AstraZeneca has resumed the US trial of its experimental COVID-19 vaccine after approval by regulators, and Johnson & Johnson is preparing to resume its trial early next week.

The news signalled progress against the coronavirus, which has infected more than 41 million people globally and comes 10 days before the US presidential election where the issue of how the pandemic is being fought is seen as crucial to the result.

AstraZeneca’s US trial was paused on September 6 after a report of a serious neurological illness, believed to be transverse myelitis, in a participant in the company’s UK trial. J&J paused its large, late-stage trial last week after a study participant became ill and the company said an independent safety panel was investigating.

J&J said on Friday that the safety panel, called a Data and Safety Monitoring Board, has recommended that the drug maker resume trial recruitment after finding no evidence that the vaccine caused the volunteer to fall ill.

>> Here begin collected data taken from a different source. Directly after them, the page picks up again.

Lemma detLap_lapmx c : detLap Ws Es ends c = \det (lapmx c).
Proof. by rewrite /detLap enumWs. Qed.

Lemma mem_Ws x : (x \in Ws) = (x \in w0 :: ws).
Proof. by rewrite -enumWs mem_enum. Qed.

Lemma w0_in_Ws : w0 \in Ws.
Proof. by rewrite mem_Ws inE eqxx. Qed.

Lemma nth_in_Ws (i : 'I_n) : nth w0 ws i \in Ws.
Proof. by rewrite mem_Ws inE mem_nth ?orbT. Qed.

Lemma nth_ws_eq (i j : 'I_n) :
  (nth w0 ws i == nth w0 ws j) = (i == j) /\ (nth w0 ws i == w0) = false.
Proof.
have /andP[w0ws uws] : uniq (w0 :: ws) by rewrite -enumWs enum_uniq.
split; first by rewrite nth_uniq.
by apply/negP => /eqP wi; move: w0ws; rewrite -wi mem_nth.
Qed.

Lemma zbasisE (i j : 'I_n) : zbasis j (nth w0 ws i) = (i == j)%:R.
Proof. by rewrite /zbasis !(nth_ws_eq i j).1 (nth_ws_eq i j).2 subr0. Qed.

Lemma zfunE g (i : 'I_n) : zfun g (nth w0 ws i) = g i 0.
Proof.
rewrite /zfun (bigD1 i) //= zbasisE eqxx mulr1 big1 ?addr0 // => j /negPf.
by rewrite zbasisE eq_sym => ->; rewrite mulr0.
Qed.

Lemma sum_zfun g : \sum_(x in Ws) zfun g x = 0.
Proof.
rewrite /zfun exchange_big /=; apply: big1 => j _; rewrite -big_distrr /=.
by rewrite /zbasis sumrB !sum_eq1 ?nth_in_Ws ?w0_in_Ws // subrr mulr0.
Qed.

Lemma grad_zfun e g : grad e (zfun g) = \sum_j g j 0 * grad e (zbasis j).
Proof. by rewrite /grad /zfun -sumrB; apply: eq_bigr => j _; rewrite -mulrBr. Qed.

Lemma laplacian_zfun c g x :
  laplacian Es ends c (zfun g) x = \sum_j g j 0 * laplacian Es ends c (zbasis j) x.
Proof.
rewrite laplacianE; under eq_bigr do rewrite grad_zfun !big_distrr.
rewrite exchange_big /=; apply: eq_bigr => j _.
rewrite laplacianE big_distrr; apply: eq_bigr => e _ /=; ring.
Qed.

Lemma lapmx_mulE c g (i : 'I_n) :
  (lapmx c *m g) i 0 = laplacian Es ends c (zfun g) (nth w0 ws i).
Proof. by rewrite mxE laplacian_zfun; apply: eq_bigr => j _; rewrite mxE mulrC. Qed.

Lemma eq_in_sum_nth (phi psi : W -> R) :
  \sum_(x in Ws) phi x = \sum_(x in Ws) psi x ->
  (forall i : 'I_n, phi (nth w0 ws i) = psi (nth w0 ws i)) ->
  {in Ws, forall x, phi x = psi x}.
Proof.
have sumWs (F : W -> R) : \sum_(x in Ws) F x = F w0 + \sum_(i < n) F (nth w0 ws i).
  by rewrite -big_enum enumWs big_cons (big_nth w0) big_mkord.
move=> hs hi x; rewrite !sumWs (eq_bigr _ (fun i _ => hi i)) in hs.
move/addIr: hs => h0; rewrite mem_Ws inE => /orP[/eqP -> //|xws].
have ix : (index x ws < n)%N by rewrite index_mem.
by have := hi (Ordinal ix); rewrite /= nth_index.
Qed.
(* Let $(\mathcal{X},\mathcal{E})$ be a measurable space with a positive measure $\mu$, let $\mathcal{K}:\mathcal{X}\times\mathcal{X}\to\mathbb{R}$ be a function, and let $\mathcal{A}$ be a procedure such that for every $k\ge1$ and every $\mathbf{Y}_k=(Y_1,\dots,Y_k)\in\mathcal{X}^k$, $\mathcal{A}(\mathbf{Y}_k)(x)=\frac1k\sum_{i=1}^k\mathcal{K}(x,Y_i)$ for all $x\in\mathcal{X}$, and $\mathcal{A}(\mathbf{Y}_k)$ is a probability density with respect to $\mu$. Let $V\ge2$ and $n=pV$ with $p\ge1$ an integer, let $\mathbf{X}=(X_1,\dots,X_n)\in\mathcal{X}^n$ and partition $\mathbf{X}$ into $V$ disjoint subsamples $\mathbf{X}_1,\dots,\mathbf{X}_V$, each of size $p$, with $\mathbf{X}_j^c=\mathbf{X}\setminus\mathbf{X}_j$. Set $\widehat{s}=\mathcal{A}(\mathbf{X})$ and $\widehat{s}_j=\mathcal{A}(\mathbf{X}_j^c)$. Then for every probability $P_s$ on $\mathcal{X}$, \[ h^2(s,\widehat{s})\le\frac1V\sum_{j=1}^V h^2(s,\widehat{s}_j). \]
   Context: For probabilities $P,Q$ on $\mathcal{X}$, the Hellinger distance is $h(P,Q)=\left[\frac12\int(\sqrt{dP}-\sqrt{dQ})^2\right]^{1/2}$, where $dP,dQ$ are densities with respect to any dominating measure; for a density $t$ with respect to $\mu$ one writes $h(s,t)$ for $h(P_s,t\cdot\mu)$. A procedure is a measurable mapping from $\bigcup_{k\ge1}\mathcal{X}^k$ to the set of probability densities with respect to $\mu$. *)

From HB Require Import structures.
From mathcomp Require Import all_boot all_order all_algebra.
From mathcomp Require Import all_classical all_reals all_analysis.
Set Implicit Arguments. Unset Strict Implicit. Unset Printing Implicit Defensive.
Import Order.TTheory GRing.Theory Num.Theory.
Local Open Scope classical_set_scope.
Local Open Scope ring_scope.

Definition dens_measure d (T : measurableType d) (R : realType)
  (mu : {measure set T -> \bar R}) (t : T -> R) : set T -> \bar R :=
  fun A => (\int[mu]_(x in A) (t x)%:E)%E.

Definition is_prob_density d (T : measurableType d) (R : realType)
  (mu : {measure set T -> \bar R}) (t : T -> R) : Prop :=
  [/\ measurable_fun setT t, (forall x, 0 <= t x) &
      (\int[mu]_x (t x)%:E = 1)%E].

Definition hellinger2_values d (T : measurableType d) (R : realType)
  (P Q : set T -> \bar R) : set (\bar R) :=
  [set v | exists (nu : {measure set T -> \bar R}) (f g : T -> R),
     [/\ measurable_fun setT f /\ measurable_fun setT g,
         (forall x, 0 <= f x) /\ (forall x, 0 <= g x),
         (forall A, measurable A ->
            P A = (\int[nu]_(x in A) (f x)%:E)%E /\
            Q A = (\int[nu]_(x in A) (g x)%:E)%E) &
         v = (\int[nu]_x ((2^-1) * (Num.sqrt (f x) - Num.sqrt (g x)) ^+ 2)%:E)%E]].

(* Squared Hellinger distance h^2(P,Q); the value does not depend on the choice
   of dominating measure, so the supremum is that common value. *)
Definition hellinger2 d (T : measurableType d) (R : realType)
  (P Q : set T -> \bar R) : \bar R :=
  ereal_sup (hellinger2_values P Q).

(* Since shat is the average of the shat_j, every shat_j is a density ratio r_j
   times shat with sum_j r_j = V.  If nu dominates P_s and shat.mu, with
   P_s = f.nu and shat.mu = g.nu, then shat_j.mu = (g r_j).nu, and pointwise
   (sqrt f - sqrt g)^2 <= V^-1 sum_j (sqrt f - sqrt (g r_j))^2 because the
   sqrt r_j have quadratic mean 1, hence arithmetic mean at most 1.
   Integrating against nu bounds each value defining h^2(s, shat). *)

From HB Require Import structures.
From mathcomp Require Import all_boot all_order all_algebra.
From mathcomp Require Import all_classical all_reals all_analysis.
From mathcomp Require Import measurable_realfun.
From mathcomp Require Import ring.
Set Implicit Arguments. Unset Strict Implicit. Unset Printing Implicit Defensive.
Import Order.TTheory GRing.Theory Num.Theory.
Local Open Scope classical_set_scope.
Local Open Scope ring_scope.

Section leave_block_out.
Variables (T : Type) (n V : nat) (X : 'I_n -> T) (blk : 'I_n -> 'I_V).

Lemma size_leave_block_out (j : 'I_V) :
  size [seq X i | i <- enum 'I_n & blk i != j] = (n - #|[pred i | blk i == j]|)%N.
Proof.
have <- : #|[predC [pred i | blk i == j]]| = (n - #|[pred i | blk i == j]|)%N.
  by rewrite -[X in (X - _)%N](card_ord n) -(cardC [pred i | blk i == j]) addKn.
rewrite size_map size_filter cardE /enum_mem size_filter count_filter.
by apply: eq_count => i; rewrite !inE andbT.
Qed.

Lemma sum_leave_block_out (M : nmodType) (F : T -> M) :
  \sum_(j < V) \sum_(y <- [seq X i | i <- enum 'I_n & blk i != j]) F y =
  (\sum_(i < n) F (X i)) *+ V.-1.
Proof.
under eq_bigr do rewrite big_map big_filter big_enum_cond /= big_mkcond.
rewrite exchange_big -sumrMnl; apply: eq_bigr => i _.
rewrite -big_mkcond /= sumr_const; congr (_ *+ _).
rewrite -[in RHS](card_ord V) -(cardC1 (blk i)).
by apply: eq_card => j; rewrite !inE eq_sym.
Qed.

Lemma mean_leave_block_out (R : numFieldType) (p : nat) (F : T -> R) :
  n = (p * V)%N -> (1 < V)%N -> (forall j, #|[pred i | blk i == j]| = p) ->
  let mean (s : seq T) := (size s)%:R^-1 * \sum_(y <- s) F y in
  mean [seq X i | i <- enum 'I_n] =
  V%:R^-1 * \sum_(j < V) mean [seq X i | i <- enum 'I_n & blk i != j].
Proof.
move=> hn hV hblk mean; rewrite /mean.
under [in RHS]eq_bigr do rewrite size_leave_block_out hblk.
rewrite -big_distrr /= sum_leave_block_out size_map size_enum_ord big_map big_enum /=.
have V0 : V%:R != 0 :> R by rewrite pnatr_eq0 -lt0n ltnW.
have V1 : V%:R - 1 != 0 :> R by rewrite subr_eq0 pnatr_eq1 gtn_eqF.
have -> : n%:R = p%:R * V%:R :> R by rewrite hn natrM.
have -> : (n - p)%:R = p%:R * (V%:R - 1) :> R.
  by rewrite hn -[X in (_ - X)%N]muln1 -mulnBr natrM natrB ?(ltnW hV).
rewrite -[_ *+ V.-1]mulr_natr -subn1 natrB ?(ltnW hV) //.
have [->|p0] := eqVneq (p%:R : R) 0; first by rewrite !(mul0r, invr0, mulr0).
by field; rewrite V0 V1 p0.
Qed.

End leave_block_out.

Section integral_mul_density.
Context d (T : measurableType d) (R : realType).
Local Open Scope ereal_scope.
Import HBNNSimple.

Lemma integral_nnsfun_mul_density (m : {measure set T -> \bar R}) (G : T -> R)
    (E : set T) (h : {nnsfun T >-> R}) :
  (forall x, 0 <= G x)%R -> measurable_fun setT G -> measurable E ->
  \int[m]_(x in E) ((h x)%:E * (G x)%:E) =
  \sum_(r \in range h) (r%:E * \int[m]_(x in E `&` h @^-1` [set r]) (G x)%:E).
Proof.
move=> G0 mG mE; have mGE : measurable_fun E (fun x => (G x)%:E).
  exact/measurable_EFinP/measurable_funTS.
transitivity (\int[m]_(x in E)
   (\sum_(r \in range h) (r * \1_(h @^-1` [set r]) x)%:E * (G x)%:E)).
  apply: eq_integral => x _.
  rewrite -ge0_mule_fsuml => [|r]; last exact: nnfun_muleindic_ge0.
  by rewrite fsumEFin // -(fimfunE _ x).
rewrite ge0_integral_fsum //; last 2 first.
- move=> r; apply: emeasurable_funM => //.
  by apply/measurable_EFinP; apply: measurable_funM.
- by move=> r x _; rewrite mule_ge0 ?nnfun_muleindic_ge0 ?lee_fin.
apply: eq_fsbigr => r /[!inE] -[t _ <-].
under eq_integral do rewrite EFinM -muleA.
rewrite ge0_integralZl ?lee_fin //.
- congr (_ * _); rewrite integral_mkcondr; apply: eq_integral => x _.
  by rewrite epatch_indic /= muleC.
- apply: emeasurable_funM => //; apply/measurable_EFinP.
  by apply: measurable_indic; exact: measurable_funPTI.
- by move=> x _; rewrite mule_ge0 ?lee_fin.
Qed.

J&J expects to resume its trial in the US on Monday or Tuesday of next week and remains on track to produce data from the trial on the vaccines’ effectiveness by the end of 2020 or early 2021, J&J’s chief scientific officer Paul Stoffels said.

J&J is also in discussions with other regulators to resume a trial outside the United States, the company said.

So far, the medical board has not identified a clear cause for the patients’ illness. J&J cannot reveal any details about the patient’s sickness because of patient privacy rules, Mr Stoffels said.

AstraZeneca said that it is not unusual for some trial participants to fall ill during large scale vaccine trials but that the US Food and Drug Administration has reviewed all safety data from the trials globally and deemed it safe to continue testing the vaccine.

AstraZeneca trials in the United Kingdom, Brazil and South Africa resumed last month even as the US Food and Drug Administration continued its investigation into the case.

 

 

The decision to continue in Brazil came after health authority Anvisa confirmed the death of a volunteer in a clinical trial of the vaccine, developed by AstraZeneca and Oxford University.